What the heck is dBFS, true peak, RMS, integrated loudness and LUFS? Why do I need to know these strange appellations? Well, the studio is closed due to Covid-19 and we figured we would try and tell you a bit about what we strive towards with Audio Levels.

As a professional Mastering Engineer I thought I would share insights in to technical terms referring to audio levels and loudness. A customer might tell me: “we need a track with an integrated loudness of -23 LUFS, a dynamic range of ≤15 LU and a true peak of max -1 dBTP”. Even if you’ve been mastering audio for a few years you might be thinking: “huuuuuh…?”

By now you’ve probably heard about the loudness war, and we all know what it sounds like when audio “peaks”, “clips” or hits the “red zone”. So far so good. But in order to make your audio sound pleasant and meet industry requirements, you need to know a thing or two about setting your audio levels right, and how to approach loudness when creating audio. Here’s a fun video explaining what the loudness war does to audio in practice

All you need is LUFS?

Audio produced for a specific medium should always sound pleasant, dynamic and more or less “equal” in terms of perceived loudness. Unfortunately your basic DAW meters aren’t giving you the whole truth about your audio. These meters display audio in dBFS (decibels relative to full scale) and only tell you whether your audio signal is clipping or not. To judge actual loudness, our ears respond to average levels, not peak levels.

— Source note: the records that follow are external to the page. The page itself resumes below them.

(* Let $G=(L\cup R,E)$ be a Tanner graph with girth $g>4$, and let $\mathcal{S}\subset L$ be an $(a,b)$ trapping set. If $\mathcal{S}$ contains a variable node $v$ with $d(v)>b$, then $a\ge d(v)+1-b$.
   Context: A Tanner graph is a bipartite graph $G=(L\cup R,E)$ with variable nodes $L$ and check nodes $R$, without parallel edges; $d(v)$ is the degree of $v$ in $G$, and the girth is the length of a shortest cycle. For $\mathcal{S}\subset L$, $\Gamma(\mathcal{S})$ is the set of neighbors of $\mathcal{S}$ in $R$; the induced subgraph $G(\mathcal{S})$ has node set $\mathcal{S}\cup\Gamma(\mathcal{S})$ and the edges of $G$ between them; $\Gamma_{\mathrm{o}}(\mathcal{S})$ is the set of check nodes in $\Gamma(\mathcal{S})$ of odd degree in $G(\mathcal{S})$. $\mathcal{S}$ is an $(a,b)$ trapping set if $|\mathcal{S}|=a$ and $|\Gamma_{\mathrm{o}}(\mathcal{S})|=b$. *)

From mathcomp Require Import all_boot.
Set Implicit Arguments. Unset Strict Implicit. Unset Printing Implicit Defensive.

(* A Tanner graph: variable nodes L, check nodes R (finite types), edges given
   by a boolean relation adj : L -> R -> bool (so no parallel edges). *)

Definition tanner_adj (L R : finType) (adj : L -> R -> bool) : rel (L + R)%type :=
  fun x y => match x, y with
             | inl v, inr c => adj v c
             | inr c, inl v => adj v c
             | _, _ => false
             end.

Definition is_graph_cycle (L R : finType) (adj : L -> R -> bool) (s : seq (L + R)%type) : Prop :=
  [/\ 3 <= size s, uniq s & cycle (tanner_adj adj) s].

(* girth > k : every cycle has length > k (vacuous for acyclic graphs, girth = oo) *)
Definition girth_gt (L R : finType) (adj : L -> R -> bool) (k : nat) : Prop :=
  forall s, is_graph_cycle adj s -> k < size s.

Definition vdeg (L R : finType) (adj : L -> R -> bool) (v : L) : nat :=
  #|[set c | adj v c]|.

Definition nbhd (L R : finType) (adj : L -> R -> bool) (S : {set L}) : {set R} :=
  [set c | [exists v in S, adj v c]].

Definition deg_in (L R : finType) (adj : L -> R -> bool) (S : {set L}) (c : R) : nat :=
  #|[set v in S | adj v c]|.

Definition odd_nbhd (L R : finType) (adj : L -> R -> bool) (S : {set L}) : {set R} :=
  [set c in nbhd adj S | odd (deg_in adj S c)].

Definition trapping_set (L R : finType) (adj : L -> R -> bool) (S : {set L}) (a b : nat) : Prop :=
  #|S| = a /\ #|odd_nbhd adj S| = b.

From mathcomp Require Import all_boot.
From mathcomp Require Import zify.

Set Implicit Arguments.
Unset Strict Implicit.
Unset Printing Implicit Defensive.

(* Every check node adjacent to v outside Gamma_o(S) has even degree in G(S),
   hence a second neighbour in S; girth > 4 forbids two such checks from
   sharing that neighbour, so these d(v) - b (at least) checks inject into
   S minus v, giving a - 1 >= d(v) - b. *)

Lemma card_le_of_separating_rel (T U : finType) (E : {set T}) (A : {set U})
    (r : T -> U -> bool) :
  (forall x, x \in E -> exists2 u, u \in A & r x u) ->
  (forall u x y, u \in A -> x \in E -> y \in E -> r x u -> r y u -> x = y) ->
  #|E| <= #|A|.
Proof.
move=> hwit hsep.
case: (set_0Vmem E) => [-> | [x0 /hwit [u0 _ _]]]; first by rewrite cards0.
pose f x := odflt u0 [pick u in A | r x u].
have fP x : x \in E -> (f x \in A) && r x (f x).
  move=> /hwit [u uA rxu]; rewrite /f.
  by case: pickP => [w /andP [wA rxw] | /(_ u)]; rewrite ?uA ?rxu ?wA ?rxw.
have finj : {in E &, injective f}.
  move=> x y xE yE fxy; case/andP: (fP x xE) => fxA rxfx.
  apply: (hsep (f x) x y fxA xE yE rxfx).
  by rewrite fxy; case/andP: (fP y yE).
rewrite -(card_in_imset finj); apply: subset_leq_card.
by apply/subsetP => _ /imsetP [x xE ->]; case/andP: (fP x xE).
Qed.

Section TannerGraph.

Variables (L R : finType) (adj : L -> R -> bool).

Lemma girth_gt4_common_check (u w : L) (c1 c2 : R) :
  girth_gt adj 4 -> u != w ->
  adj u c1 -> adj u c2 -> adj w c1 -> adj w c2 -> c1 = c2.
Proof.
move=> hg uw uc1 uc2 wc1 wc2; apply/eqP/negPn/negP => c12.
have uniq_cycle : uniq [:: inl u; inr c1; inl w; inr c2 : (L + R)%type].
  by rewrite /= !inE /= !(inj_eq (@inl_inj _ _)) !(inj_eq (@inr_inj _ _)) (negbTE uw) c12.
suff : 4 < 4 by [].
apply: (hg [:: inl u; inr c1; inl w; inr c2]).
by split => //=; rewrite uc1 wc1 wc2 uc2.
Qed.

Definition even_checks (S : {set L}) (v : L) : {set R} :=
  [set c | adj v c && ~~ odd (deg_in adj S c)].

Lemma vdeg_le_even_checks_odd_nbhd (S : {set L}) (v : L) :
  v \in S -> vdeg adj v <= #|even_checks S v| + #|odd_nbhd adj S|.
Proof.
move=> vS; apply: leq_trans (leq_card_setU _ _); apply: subset_leq_card.
apply/subsetP => c; rewrite !inE => vc; rewrite vc /=.
have -> : [exists u in S, adj u c] by apply/existsP; exists v; rewrite vS.
by case: odd.
Qed.

Lemma even_check_other_neighbour (S : {set L}) (v : L) (c : R) :
  v \in S -> c \in even_checks S v -> exists2 u, u \in S :\ v & adj u c.
Proof.
move=> vS; rewrite inE => /andP [vc even_c].
have vSc : v \in [set u in S | adj u c] by rewrite inE vS.
have : 0 < #|[set u in S | adj u c] :\ v|.
  by move: even_c; rewrite /deg_in (cardsD1 v) vSc; case: #|_|.
by case/card_gt0P => u; rewrite !inE => /and3P [uv uS uc]; exists u; rewrite ?inE ?uv.
Qed.

Lemma card_even_checks_le (S : {set L}) (v : L) :
  girth_gt adj 4 -> v \in S -> #|even_checks S v| <= #|S :\ v|.
Proof.
move=> hg vS; apply: (card_le_of_separating_rel (r := fun c u => adj u c)).
  by move=> c; apply: even_check_other_neighbour.
move=> u c1 c2; rewrite !inE => /andP [uv _] /andP [vc1 _] /andP [vc2 _] uc1 uc2.
exact: girth_gt4_common_check hg uv uc1 uc2 vc1 vc2.
Qed.

End TannerGraph.

Theorem lemma5 (L R : finType) (adj : L -> R -> bool) (S : {set L}) (a b : nat) (v : L) :
  girth_gt adj 4 ->
  trapping_set adj S a b ->
  v \in S ->
  b < vdeg adj v ->
  vdeg adj v + 1 - b <= a.
Proof.
move=> hg [<- <-] vS _.
have hdeg := vdeg_le_even_checks_odd_nbhd adj vS.
have heven := card_even_checks_le hg vS.
have hS := cardsD1 v S; rewrite vS in hS.
lia.
Qed.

The new standard for measuring audio loudness is LUFS (loudness units relative to full scale). It was developed to enable normalisation of audio levels, and matches how our ears actually perceive sound. LUFS meters will also tell you the integrated loudness of your audio, which is similar to RMS (root mean square) but more truthful in terms of our hearing. RMS tells you the the average power of the signal, but LUFS integrated loudness is more accurate in terms of our perception of loudness.

The integrated loudness can be understood as the “overall” level of your audio. It’s also good to keep in mind that different meters serve different purposes. You will still need to use your dBFS meters to make sure your signals aren’t clipping.

How loud is loud enough when it comes to Mastering?

Your audio should always be loud enough. What this means varies depending on how noisy the environment is (imagine in-flight entertainment), what device you are using (e.g. an iPad with headphones on the bus), and what the intended end medium is (e.g. your home TV set or a movie theatre). Especially in broadcast media (TV, radio, etc.) there are standards that require the audio to have a strictly defined integrated loudness level, most commonly -23 LUFS. This is to ensure healthy sounding audio and to avoid those annoying dynamic bumps between commercials and programme audio.

Summing it up

When mixing to LUFS values, your mixes will sound more consistent. The dBFS scale only measures the electrical level of the sound. If you try mixing to a level of e.g. -15dBFS, your results will likely hit different LUFS levels every time and might end up sounding different.

If you don’t yet own a LUFS meter, remember to pay attention to your RMS readings. If your dBFS peak levels go higher than -3dB, you might be in trouble. As a rule of thumb when sending your music to us – when we open again – aim for RMS readings around -18dBFS and -14dBFS. You should be OK then.